Goal of the exercise. Lines to return, exactly: from the line with "Un_cv (fun t" to the line with "move=> Huv Hwu Hwv Hw d Hd." in the entries below, both included.

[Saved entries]
● ● ● ● ● ● ●
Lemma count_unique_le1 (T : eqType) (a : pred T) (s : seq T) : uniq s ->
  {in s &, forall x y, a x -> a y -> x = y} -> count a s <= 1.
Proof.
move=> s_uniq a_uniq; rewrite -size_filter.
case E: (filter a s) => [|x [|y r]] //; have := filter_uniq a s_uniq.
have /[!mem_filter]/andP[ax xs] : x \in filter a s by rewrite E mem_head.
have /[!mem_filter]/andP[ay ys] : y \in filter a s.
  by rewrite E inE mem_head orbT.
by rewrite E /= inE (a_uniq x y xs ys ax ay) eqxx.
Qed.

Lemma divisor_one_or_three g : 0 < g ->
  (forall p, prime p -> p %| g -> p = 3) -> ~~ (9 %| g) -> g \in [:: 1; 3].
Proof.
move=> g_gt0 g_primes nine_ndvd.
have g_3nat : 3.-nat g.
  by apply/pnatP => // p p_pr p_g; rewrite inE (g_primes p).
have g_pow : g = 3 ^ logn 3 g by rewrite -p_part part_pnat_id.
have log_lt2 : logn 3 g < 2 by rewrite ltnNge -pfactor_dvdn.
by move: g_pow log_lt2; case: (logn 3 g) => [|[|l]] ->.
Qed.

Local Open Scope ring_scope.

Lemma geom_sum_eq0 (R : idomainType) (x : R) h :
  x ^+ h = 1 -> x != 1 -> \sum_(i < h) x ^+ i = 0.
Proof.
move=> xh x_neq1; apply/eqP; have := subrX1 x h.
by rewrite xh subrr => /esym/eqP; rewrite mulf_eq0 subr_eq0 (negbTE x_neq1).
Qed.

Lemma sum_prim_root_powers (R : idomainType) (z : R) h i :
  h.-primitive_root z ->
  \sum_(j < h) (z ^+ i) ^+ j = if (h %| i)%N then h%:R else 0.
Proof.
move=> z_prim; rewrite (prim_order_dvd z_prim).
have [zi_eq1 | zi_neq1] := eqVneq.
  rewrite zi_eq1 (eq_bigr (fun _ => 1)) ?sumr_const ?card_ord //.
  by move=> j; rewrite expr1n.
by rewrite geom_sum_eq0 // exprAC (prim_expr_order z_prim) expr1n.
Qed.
● ● ● ● ● ● ●
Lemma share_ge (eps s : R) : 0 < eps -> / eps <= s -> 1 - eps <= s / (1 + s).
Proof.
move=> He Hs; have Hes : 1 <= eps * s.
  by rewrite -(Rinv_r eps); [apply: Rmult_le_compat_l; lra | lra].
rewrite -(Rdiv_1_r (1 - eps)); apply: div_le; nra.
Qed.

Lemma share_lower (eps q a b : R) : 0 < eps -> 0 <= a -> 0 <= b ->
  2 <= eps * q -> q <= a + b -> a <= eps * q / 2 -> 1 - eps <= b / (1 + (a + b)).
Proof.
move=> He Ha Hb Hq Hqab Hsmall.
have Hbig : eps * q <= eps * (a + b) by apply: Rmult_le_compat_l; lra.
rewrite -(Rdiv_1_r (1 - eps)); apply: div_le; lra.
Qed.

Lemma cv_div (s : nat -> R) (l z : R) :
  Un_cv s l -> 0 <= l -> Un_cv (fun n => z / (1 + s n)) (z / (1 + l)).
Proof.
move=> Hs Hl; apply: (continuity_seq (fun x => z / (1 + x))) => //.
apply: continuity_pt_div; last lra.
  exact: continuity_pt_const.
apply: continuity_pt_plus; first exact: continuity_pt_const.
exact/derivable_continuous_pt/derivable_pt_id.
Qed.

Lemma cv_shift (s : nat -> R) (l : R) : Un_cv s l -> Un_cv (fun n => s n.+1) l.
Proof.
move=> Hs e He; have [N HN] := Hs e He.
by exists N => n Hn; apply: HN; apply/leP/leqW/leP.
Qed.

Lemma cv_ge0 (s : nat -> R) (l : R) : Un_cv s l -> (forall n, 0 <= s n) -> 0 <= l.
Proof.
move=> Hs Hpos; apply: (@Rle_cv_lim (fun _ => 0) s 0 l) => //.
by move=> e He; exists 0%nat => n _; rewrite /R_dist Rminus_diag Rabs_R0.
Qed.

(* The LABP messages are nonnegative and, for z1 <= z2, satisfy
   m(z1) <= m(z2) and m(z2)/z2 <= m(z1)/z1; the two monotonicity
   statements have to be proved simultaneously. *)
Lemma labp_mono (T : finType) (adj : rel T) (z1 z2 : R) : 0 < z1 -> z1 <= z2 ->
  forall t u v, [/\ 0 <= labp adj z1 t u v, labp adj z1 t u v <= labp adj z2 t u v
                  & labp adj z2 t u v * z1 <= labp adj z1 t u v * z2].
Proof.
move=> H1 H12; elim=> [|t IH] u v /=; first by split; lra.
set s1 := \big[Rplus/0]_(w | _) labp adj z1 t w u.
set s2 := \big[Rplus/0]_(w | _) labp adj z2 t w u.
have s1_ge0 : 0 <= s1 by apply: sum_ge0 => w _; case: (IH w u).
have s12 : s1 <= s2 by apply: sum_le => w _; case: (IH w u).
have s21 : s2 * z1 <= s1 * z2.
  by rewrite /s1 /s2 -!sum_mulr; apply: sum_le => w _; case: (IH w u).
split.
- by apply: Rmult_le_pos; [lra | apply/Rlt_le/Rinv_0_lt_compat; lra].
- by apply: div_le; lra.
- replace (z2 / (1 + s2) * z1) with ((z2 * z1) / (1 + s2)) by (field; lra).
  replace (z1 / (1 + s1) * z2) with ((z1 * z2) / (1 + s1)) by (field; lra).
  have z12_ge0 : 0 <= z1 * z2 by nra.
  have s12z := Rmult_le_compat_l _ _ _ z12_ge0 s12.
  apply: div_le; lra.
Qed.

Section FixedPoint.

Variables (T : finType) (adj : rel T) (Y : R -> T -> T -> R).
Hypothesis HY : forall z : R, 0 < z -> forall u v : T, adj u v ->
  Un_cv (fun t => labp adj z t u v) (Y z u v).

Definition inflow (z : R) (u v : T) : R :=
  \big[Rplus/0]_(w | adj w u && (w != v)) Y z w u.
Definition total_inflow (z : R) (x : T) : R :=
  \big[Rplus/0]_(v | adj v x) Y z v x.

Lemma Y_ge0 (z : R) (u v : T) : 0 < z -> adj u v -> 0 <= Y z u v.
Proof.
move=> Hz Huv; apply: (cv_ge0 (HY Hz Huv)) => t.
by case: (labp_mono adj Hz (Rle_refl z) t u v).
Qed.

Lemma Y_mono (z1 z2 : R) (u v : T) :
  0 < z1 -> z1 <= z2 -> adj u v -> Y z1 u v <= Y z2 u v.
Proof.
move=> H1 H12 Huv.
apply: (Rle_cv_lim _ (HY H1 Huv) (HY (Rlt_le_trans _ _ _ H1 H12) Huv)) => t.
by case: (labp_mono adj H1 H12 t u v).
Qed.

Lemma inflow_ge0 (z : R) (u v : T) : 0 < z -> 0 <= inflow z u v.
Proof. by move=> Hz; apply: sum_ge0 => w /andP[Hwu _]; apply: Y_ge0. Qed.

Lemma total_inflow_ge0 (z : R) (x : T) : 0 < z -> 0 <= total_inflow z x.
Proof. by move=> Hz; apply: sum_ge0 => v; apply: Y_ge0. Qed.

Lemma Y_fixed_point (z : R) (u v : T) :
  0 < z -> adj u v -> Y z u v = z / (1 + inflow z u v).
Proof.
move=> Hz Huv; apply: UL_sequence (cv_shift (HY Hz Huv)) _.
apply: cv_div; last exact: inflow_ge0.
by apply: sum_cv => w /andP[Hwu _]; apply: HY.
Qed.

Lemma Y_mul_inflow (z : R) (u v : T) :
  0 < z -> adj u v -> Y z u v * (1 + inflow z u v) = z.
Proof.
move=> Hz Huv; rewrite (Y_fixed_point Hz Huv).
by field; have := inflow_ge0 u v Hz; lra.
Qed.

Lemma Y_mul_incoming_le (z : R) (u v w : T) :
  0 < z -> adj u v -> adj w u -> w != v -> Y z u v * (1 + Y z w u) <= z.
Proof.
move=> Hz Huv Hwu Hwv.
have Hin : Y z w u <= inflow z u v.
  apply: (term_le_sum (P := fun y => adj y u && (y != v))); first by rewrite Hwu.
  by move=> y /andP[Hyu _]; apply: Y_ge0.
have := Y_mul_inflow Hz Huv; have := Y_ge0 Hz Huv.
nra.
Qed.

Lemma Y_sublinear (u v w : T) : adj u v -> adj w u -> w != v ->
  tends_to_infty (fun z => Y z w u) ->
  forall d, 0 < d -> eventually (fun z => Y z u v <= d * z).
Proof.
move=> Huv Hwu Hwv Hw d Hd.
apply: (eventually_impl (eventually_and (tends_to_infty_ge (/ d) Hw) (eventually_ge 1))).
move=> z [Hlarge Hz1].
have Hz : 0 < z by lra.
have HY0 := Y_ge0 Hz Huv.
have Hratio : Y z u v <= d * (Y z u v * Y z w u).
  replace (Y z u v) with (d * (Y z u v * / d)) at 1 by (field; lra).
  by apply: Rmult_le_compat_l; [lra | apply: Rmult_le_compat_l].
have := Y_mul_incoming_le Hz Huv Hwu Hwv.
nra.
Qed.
● ● ● ● ● ● ●
Your solution.
  Un_cv (fun t => labp adj z t u v) (Y z u v).

Definition inflow (z : R) (u v : T) : R :=
  \big[Rplus/0]_(w | adj w u && (w != v)) Y z w u.
Definition total_inflow (z : R) (x : T) : R :=
  \big[Rplus/0]_(v | adj v x) Y z v x.

Lemma Y_ge0 (z : R) (u v : T) : 0 < z -> adj u v -> 0 <= Y z u v.
Proof.
move=> Hz Huv; apply: (cv_ge0 (HY Hz Huv)) => t.
by case: (labp_mono adj Hz (Rle_refl z) t u v).
Qed.

Lemma Y_mono (z1 z2 : R) (u v : T) :
  0 < z1 -> z1 <= z2 -> adj u v -> Y z1 u v <= Y z2 u v.
Proof.
move=> H1 H12 Huv.
apply: (Rle_cv_lim _ (HY H1 Huv) (HY (Rlt_le_trans _ _ _ H1 H12) Huv)) => t.
by case: (labp_mono adj H1 H12 t u v).
Qed.

Lemma inflow_ge0 (z : R) (u v : T) : 0 < z -> 0 <= inflow z u v.
Proof. by move=> Hz; apply: sum_ge0 => w /andP[Hwu _]; apply: Y_ge0. Qed.

Lemma total_inflow_ge0 (z : R) (x : T) : 0 < z -> 0 <= total_inflow z x.
Proof. by move=> Hz; apply: sum_ge0 => v; apply: Y_ge0. Qed.

Lemma Y_fixed_point (z : R) (u v : T) :
  0 < z -> adj u v -> Y z u v = z / (1 + inflow z u v).
Proof.
move=> Hz Huv; apply: UL_sequence (cv_shift (HY Hz Huv)) _.
apply: cv_div; last exact: inflow_ge0.
by apply: sum_cv => w /andP[Hwu _]; apply: HY.
Qed.

Lemma Y_mul_inflow (z : R) (u v : T) :
  0 < z -> adj u v -> Y z u v * (1 + inflow z u v) = z.
Proof.
move=> Hz Huv; rewrite (Y_fixed_point Hz Huv).
by field; have := inflow_ge0 u v Hz; lra.
Qed.

Lemma Y_mul_incoming_le (z : R) (u v w : T) :
  0 < z -> adj u v -> adj w u -> w != v -> Y z u v * (1 + Y z w u) <= z.
Proof.
move=> Hz Huv Hwu Hwv.
have Hin : Y z w u <= inflow z u v.
  apply: (term_le_sum (P := fun y => adj y u && (y != v))); first by rewrite Hwu.
  by move=> y /andP[Hyu _]; apply: Y_ge0.
have := Y_mul_inflow Hz Huv; have := Y_ge0 Hz Huv.
nra.
Qed.

Lemma Y_sublinear (u v w : T) : adj u v -> adj w u -> w != v ->
  tends_to_infty (fun z => Y z w u) ->
  forall d, 0 < d -> eventually (fun z => Y z u v <= d * z).
Proof.
move=> Huv Hwu Hwv Hw d Hd.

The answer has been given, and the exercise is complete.